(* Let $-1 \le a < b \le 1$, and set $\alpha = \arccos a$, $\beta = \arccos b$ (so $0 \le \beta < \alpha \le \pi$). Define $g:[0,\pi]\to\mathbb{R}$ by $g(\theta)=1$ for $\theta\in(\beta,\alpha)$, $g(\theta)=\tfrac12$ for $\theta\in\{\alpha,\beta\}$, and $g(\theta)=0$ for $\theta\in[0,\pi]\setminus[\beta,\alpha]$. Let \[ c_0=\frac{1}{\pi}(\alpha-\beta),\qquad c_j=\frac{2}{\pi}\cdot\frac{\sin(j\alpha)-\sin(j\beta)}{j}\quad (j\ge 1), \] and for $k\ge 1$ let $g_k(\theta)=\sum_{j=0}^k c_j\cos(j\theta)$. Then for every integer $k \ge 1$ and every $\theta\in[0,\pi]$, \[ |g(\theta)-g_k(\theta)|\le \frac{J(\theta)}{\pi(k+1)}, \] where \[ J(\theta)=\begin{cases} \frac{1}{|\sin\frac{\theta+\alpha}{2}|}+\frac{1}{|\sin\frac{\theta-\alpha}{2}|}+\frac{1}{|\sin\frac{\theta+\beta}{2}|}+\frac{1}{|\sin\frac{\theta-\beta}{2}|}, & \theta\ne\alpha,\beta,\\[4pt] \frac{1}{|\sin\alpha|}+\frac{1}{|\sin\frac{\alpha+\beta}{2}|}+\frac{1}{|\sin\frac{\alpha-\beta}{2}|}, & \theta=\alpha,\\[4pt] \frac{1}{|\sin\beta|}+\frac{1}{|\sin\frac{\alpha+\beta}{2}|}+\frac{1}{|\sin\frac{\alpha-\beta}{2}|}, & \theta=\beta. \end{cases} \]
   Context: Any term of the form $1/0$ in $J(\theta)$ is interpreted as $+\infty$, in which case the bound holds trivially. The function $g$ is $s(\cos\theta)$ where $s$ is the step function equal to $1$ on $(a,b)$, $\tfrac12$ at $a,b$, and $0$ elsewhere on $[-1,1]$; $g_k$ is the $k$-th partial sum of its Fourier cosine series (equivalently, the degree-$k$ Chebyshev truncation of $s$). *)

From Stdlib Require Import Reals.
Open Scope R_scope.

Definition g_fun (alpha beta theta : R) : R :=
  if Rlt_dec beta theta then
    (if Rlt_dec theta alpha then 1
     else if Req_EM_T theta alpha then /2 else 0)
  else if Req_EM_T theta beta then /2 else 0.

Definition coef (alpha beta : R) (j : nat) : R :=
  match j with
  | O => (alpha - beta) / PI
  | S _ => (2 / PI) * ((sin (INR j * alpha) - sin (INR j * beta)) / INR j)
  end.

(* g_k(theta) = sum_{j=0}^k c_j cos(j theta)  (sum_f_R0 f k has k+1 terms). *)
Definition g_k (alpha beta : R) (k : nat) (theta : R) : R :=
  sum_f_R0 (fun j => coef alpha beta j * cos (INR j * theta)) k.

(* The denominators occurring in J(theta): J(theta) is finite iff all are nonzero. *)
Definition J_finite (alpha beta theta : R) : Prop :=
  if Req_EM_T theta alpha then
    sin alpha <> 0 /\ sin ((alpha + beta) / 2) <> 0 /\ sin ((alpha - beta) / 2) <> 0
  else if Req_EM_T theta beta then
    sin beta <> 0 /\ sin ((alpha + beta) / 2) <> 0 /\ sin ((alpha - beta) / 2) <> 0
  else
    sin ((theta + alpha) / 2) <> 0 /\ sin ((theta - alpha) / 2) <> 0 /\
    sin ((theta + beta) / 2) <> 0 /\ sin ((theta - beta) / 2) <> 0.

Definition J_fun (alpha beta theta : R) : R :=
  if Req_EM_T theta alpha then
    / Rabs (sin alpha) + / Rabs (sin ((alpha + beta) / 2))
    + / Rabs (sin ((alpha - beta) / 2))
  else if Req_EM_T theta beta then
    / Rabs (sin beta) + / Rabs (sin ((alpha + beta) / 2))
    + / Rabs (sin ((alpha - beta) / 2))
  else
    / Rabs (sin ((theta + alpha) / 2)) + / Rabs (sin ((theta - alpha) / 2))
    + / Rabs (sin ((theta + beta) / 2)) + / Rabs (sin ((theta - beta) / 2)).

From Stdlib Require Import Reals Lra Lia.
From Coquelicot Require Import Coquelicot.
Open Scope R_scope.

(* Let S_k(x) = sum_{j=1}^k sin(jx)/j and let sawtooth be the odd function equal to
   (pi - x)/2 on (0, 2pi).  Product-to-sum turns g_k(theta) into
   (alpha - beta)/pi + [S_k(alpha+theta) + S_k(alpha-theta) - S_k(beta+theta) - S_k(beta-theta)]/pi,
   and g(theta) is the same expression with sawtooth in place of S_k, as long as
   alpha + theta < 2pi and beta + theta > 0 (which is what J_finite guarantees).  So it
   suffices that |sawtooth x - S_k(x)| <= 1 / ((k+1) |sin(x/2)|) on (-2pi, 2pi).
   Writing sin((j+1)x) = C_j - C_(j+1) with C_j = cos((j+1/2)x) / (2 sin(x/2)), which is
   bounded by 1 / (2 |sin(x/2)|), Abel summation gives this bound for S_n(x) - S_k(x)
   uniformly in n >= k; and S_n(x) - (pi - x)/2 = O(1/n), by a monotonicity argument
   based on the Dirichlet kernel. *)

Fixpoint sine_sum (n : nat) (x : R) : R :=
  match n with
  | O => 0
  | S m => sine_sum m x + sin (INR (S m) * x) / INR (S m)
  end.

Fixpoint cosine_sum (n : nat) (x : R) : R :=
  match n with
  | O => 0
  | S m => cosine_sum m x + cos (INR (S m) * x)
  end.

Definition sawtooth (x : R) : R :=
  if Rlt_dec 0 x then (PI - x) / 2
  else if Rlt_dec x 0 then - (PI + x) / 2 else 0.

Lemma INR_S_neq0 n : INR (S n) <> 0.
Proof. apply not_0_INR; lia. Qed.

=-=-=

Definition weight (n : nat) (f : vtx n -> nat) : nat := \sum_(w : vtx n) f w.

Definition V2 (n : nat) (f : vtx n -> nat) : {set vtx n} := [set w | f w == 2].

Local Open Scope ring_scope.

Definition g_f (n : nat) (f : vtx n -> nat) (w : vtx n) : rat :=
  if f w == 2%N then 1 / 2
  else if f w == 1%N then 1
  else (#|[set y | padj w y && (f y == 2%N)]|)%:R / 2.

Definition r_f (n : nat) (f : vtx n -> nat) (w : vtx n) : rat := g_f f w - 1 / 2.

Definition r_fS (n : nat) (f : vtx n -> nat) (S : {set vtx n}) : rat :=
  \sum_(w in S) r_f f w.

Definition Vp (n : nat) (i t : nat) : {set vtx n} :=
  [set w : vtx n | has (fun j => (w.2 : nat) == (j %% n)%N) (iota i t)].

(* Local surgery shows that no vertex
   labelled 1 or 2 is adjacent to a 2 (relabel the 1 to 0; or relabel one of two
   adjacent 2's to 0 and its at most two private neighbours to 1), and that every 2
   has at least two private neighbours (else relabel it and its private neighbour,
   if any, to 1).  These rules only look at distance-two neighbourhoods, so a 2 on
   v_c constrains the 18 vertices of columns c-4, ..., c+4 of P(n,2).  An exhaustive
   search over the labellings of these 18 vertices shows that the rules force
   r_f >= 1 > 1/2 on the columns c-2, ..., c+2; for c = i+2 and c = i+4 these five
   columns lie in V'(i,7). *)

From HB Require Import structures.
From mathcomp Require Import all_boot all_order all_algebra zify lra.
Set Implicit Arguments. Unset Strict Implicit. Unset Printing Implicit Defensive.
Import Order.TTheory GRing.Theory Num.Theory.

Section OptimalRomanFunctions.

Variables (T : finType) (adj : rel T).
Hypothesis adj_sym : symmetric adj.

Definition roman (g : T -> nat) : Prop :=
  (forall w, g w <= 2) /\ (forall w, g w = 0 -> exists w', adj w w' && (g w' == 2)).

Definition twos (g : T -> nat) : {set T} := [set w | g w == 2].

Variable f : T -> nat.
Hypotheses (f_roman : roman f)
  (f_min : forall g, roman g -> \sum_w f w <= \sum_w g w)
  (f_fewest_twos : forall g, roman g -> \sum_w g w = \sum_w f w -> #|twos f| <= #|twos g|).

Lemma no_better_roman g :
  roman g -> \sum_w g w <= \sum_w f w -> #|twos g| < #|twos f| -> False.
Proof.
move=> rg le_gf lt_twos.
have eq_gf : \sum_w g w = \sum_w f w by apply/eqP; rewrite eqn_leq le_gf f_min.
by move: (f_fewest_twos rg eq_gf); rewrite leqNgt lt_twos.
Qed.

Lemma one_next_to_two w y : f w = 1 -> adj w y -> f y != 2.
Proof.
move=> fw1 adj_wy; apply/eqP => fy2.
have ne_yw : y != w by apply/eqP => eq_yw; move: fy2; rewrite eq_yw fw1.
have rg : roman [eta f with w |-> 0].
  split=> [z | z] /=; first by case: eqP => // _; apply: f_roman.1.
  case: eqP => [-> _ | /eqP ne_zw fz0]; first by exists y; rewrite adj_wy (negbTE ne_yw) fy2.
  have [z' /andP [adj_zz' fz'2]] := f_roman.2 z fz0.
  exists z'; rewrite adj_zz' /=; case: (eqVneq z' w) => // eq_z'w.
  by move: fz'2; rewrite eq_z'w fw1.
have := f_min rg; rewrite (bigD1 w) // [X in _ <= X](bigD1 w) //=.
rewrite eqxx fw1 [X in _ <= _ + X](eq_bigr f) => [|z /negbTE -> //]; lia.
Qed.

=-=-=

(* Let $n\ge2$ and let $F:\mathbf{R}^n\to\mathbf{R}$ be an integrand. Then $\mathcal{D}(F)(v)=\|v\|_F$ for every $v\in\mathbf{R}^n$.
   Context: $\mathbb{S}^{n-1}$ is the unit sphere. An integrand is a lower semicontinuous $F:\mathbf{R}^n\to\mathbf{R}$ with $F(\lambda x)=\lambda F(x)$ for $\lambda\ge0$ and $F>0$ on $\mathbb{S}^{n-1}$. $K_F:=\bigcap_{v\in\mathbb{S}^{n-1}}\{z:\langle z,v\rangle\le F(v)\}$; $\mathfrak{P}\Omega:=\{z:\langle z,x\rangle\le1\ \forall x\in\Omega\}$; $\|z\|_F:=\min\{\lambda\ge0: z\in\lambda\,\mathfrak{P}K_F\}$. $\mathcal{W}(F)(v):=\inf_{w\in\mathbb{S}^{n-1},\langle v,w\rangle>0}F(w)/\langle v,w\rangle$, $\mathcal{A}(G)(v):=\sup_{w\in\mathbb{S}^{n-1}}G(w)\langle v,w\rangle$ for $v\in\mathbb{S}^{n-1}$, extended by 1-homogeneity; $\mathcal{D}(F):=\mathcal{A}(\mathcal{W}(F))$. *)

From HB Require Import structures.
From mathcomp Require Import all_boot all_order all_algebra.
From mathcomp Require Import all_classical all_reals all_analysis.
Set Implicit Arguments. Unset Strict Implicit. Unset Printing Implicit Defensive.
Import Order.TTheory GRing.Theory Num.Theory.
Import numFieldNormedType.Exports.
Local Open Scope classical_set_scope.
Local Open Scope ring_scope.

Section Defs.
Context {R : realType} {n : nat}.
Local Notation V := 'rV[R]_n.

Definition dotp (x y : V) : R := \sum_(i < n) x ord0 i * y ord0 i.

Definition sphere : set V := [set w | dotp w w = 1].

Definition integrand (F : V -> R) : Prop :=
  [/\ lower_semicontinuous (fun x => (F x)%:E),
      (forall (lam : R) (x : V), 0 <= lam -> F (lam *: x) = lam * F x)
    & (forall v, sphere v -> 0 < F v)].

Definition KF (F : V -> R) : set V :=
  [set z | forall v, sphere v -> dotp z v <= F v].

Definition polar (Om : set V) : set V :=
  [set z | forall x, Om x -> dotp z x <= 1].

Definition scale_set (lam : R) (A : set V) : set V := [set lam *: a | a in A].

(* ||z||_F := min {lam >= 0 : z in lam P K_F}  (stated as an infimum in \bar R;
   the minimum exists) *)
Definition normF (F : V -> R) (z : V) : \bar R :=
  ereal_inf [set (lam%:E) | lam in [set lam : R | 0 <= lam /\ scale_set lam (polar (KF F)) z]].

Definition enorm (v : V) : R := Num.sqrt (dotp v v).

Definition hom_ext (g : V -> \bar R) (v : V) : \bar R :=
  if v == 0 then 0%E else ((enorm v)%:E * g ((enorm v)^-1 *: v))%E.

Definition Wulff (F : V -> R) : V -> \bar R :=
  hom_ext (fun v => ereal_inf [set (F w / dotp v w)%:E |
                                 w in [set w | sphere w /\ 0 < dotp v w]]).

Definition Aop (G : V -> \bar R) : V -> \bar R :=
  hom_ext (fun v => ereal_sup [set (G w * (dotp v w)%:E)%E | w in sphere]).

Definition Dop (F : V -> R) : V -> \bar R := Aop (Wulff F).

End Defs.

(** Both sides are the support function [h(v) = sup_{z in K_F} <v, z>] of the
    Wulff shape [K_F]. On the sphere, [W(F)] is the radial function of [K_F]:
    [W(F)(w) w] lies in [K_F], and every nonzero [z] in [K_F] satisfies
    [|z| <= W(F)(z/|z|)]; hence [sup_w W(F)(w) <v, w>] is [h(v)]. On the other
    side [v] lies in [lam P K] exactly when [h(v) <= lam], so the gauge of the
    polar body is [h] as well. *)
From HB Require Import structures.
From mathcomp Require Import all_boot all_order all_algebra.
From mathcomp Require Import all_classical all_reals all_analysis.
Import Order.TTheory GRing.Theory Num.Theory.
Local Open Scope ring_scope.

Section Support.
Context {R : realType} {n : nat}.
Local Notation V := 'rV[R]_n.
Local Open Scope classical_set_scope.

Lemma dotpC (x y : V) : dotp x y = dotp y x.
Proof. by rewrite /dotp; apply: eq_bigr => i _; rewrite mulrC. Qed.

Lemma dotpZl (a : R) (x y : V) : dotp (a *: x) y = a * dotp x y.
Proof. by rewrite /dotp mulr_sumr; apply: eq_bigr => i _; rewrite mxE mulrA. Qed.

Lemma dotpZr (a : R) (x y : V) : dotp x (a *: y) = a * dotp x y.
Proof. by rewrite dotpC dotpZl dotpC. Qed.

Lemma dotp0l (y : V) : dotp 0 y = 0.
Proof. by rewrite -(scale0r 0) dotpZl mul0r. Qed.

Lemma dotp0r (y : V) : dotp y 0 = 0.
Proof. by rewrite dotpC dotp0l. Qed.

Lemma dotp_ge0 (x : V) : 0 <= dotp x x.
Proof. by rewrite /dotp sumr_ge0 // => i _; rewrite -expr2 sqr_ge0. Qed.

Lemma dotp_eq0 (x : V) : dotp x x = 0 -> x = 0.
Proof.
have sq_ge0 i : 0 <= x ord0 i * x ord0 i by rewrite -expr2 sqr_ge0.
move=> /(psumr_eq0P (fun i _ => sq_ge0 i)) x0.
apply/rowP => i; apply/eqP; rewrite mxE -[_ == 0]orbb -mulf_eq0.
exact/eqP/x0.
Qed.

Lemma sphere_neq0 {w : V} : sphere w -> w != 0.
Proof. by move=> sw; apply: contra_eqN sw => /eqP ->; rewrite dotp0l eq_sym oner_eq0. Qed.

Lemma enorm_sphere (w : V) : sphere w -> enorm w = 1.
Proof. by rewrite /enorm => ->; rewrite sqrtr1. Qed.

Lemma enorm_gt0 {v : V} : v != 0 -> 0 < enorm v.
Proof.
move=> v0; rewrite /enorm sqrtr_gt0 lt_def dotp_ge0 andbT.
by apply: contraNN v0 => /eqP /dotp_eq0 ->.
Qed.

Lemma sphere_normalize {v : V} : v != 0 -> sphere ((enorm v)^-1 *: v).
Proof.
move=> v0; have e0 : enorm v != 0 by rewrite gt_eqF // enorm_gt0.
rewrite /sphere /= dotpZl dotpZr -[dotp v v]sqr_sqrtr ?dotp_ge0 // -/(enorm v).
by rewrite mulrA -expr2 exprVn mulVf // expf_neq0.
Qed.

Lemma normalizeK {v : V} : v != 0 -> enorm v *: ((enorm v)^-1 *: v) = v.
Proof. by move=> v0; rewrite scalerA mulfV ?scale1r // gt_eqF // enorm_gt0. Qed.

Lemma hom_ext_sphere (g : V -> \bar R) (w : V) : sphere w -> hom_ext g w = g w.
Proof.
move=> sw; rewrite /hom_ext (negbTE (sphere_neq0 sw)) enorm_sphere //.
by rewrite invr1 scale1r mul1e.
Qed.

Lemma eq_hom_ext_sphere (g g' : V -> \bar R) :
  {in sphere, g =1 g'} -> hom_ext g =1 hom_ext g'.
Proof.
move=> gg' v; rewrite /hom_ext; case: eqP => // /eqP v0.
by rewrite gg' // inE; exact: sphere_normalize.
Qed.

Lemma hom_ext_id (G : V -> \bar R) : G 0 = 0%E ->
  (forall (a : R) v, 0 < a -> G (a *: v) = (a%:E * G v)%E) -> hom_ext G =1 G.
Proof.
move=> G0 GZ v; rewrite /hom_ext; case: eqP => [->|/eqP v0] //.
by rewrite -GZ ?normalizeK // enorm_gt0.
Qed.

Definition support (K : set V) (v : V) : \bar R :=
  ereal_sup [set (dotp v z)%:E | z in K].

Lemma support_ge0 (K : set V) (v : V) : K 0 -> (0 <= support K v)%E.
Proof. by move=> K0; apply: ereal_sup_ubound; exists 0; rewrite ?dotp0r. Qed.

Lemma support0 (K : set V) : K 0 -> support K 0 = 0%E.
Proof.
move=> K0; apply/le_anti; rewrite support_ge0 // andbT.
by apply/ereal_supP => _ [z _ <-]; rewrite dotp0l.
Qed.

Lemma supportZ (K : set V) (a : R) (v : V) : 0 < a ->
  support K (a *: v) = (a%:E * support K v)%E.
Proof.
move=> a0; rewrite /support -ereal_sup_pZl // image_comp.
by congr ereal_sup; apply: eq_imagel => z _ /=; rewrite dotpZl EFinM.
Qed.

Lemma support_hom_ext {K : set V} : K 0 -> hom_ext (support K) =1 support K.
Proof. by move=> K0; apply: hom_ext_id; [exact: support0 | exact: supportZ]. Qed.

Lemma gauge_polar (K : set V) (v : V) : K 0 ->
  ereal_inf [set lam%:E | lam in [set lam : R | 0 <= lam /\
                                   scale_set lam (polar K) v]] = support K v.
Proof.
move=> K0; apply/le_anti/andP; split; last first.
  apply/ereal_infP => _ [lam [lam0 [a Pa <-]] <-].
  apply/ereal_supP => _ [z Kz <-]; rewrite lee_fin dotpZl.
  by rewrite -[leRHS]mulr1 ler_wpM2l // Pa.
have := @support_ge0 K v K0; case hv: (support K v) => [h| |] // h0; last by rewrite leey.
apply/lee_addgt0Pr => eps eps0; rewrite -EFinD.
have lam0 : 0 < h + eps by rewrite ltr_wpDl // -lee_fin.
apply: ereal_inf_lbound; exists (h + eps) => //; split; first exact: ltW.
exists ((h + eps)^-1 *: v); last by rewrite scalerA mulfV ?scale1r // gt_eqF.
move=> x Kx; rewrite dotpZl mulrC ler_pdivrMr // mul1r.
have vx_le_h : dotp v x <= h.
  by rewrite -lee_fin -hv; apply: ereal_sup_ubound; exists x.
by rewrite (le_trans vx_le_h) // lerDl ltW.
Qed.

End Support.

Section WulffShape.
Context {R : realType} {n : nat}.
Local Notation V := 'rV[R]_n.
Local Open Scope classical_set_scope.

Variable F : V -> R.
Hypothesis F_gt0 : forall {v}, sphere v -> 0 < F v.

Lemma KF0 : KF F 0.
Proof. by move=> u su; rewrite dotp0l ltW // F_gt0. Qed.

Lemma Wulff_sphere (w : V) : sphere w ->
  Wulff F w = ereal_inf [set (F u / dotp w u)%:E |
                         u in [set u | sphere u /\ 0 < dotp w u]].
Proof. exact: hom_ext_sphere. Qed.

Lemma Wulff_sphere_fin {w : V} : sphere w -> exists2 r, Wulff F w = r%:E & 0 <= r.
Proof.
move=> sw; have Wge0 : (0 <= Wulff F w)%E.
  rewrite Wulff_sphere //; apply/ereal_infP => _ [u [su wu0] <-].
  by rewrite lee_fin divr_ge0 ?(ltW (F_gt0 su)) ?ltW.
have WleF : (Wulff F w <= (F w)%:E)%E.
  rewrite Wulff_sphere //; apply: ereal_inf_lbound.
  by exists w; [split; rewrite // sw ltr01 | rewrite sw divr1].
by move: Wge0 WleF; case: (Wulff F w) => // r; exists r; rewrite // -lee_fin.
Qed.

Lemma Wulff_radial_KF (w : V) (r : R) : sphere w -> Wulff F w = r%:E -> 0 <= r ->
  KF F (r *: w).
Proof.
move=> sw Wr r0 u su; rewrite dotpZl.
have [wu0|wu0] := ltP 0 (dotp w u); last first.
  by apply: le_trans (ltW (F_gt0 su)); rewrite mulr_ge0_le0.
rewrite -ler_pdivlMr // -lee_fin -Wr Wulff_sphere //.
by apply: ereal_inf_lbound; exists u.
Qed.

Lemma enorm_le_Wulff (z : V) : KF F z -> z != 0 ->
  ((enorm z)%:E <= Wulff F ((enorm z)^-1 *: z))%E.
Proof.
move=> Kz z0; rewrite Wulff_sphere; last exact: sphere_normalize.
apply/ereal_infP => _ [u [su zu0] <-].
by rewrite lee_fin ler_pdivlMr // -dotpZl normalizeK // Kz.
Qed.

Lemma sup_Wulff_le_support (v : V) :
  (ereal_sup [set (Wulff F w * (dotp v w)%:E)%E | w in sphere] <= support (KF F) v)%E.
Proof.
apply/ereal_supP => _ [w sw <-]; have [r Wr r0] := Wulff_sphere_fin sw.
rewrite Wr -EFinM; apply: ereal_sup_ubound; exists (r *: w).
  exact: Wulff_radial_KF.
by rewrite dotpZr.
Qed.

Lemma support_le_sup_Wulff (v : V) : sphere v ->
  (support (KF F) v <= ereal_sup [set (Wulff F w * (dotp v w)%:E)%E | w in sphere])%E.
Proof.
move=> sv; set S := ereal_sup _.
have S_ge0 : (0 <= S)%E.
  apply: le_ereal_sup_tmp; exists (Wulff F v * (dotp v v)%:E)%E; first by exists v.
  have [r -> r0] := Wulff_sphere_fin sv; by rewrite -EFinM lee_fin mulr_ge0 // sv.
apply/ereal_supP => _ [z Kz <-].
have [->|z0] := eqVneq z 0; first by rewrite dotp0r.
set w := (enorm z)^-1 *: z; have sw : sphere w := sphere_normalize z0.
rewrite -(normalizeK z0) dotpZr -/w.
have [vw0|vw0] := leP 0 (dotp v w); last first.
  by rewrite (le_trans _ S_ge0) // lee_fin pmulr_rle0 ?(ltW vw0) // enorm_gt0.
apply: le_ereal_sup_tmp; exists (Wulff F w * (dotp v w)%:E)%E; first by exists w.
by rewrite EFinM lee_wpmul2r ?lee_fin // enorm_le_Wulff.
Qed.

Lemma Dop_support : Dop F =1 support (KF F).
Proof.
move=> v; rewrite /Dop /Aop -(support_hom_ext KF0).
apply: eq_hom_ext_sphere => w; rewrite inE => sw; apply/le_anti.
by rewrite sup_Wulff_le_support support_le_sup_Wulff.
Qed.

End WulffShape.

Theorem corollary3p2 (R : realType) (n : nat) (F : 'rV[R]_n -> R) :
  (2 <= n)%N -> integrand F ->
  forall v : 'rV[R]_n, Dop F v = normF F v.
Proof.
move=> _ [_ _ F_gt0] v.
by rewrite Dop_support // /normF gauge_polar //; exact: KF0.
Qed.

=-=-=

Pick out and copy the lines of the material that include the word "andP".

• **Solved exercise**:
  have [z' /andP [adj_zz' fz'2]] := f_roman.2 z fz0.
move=> K0; apply/le_anti/andP; split; last first.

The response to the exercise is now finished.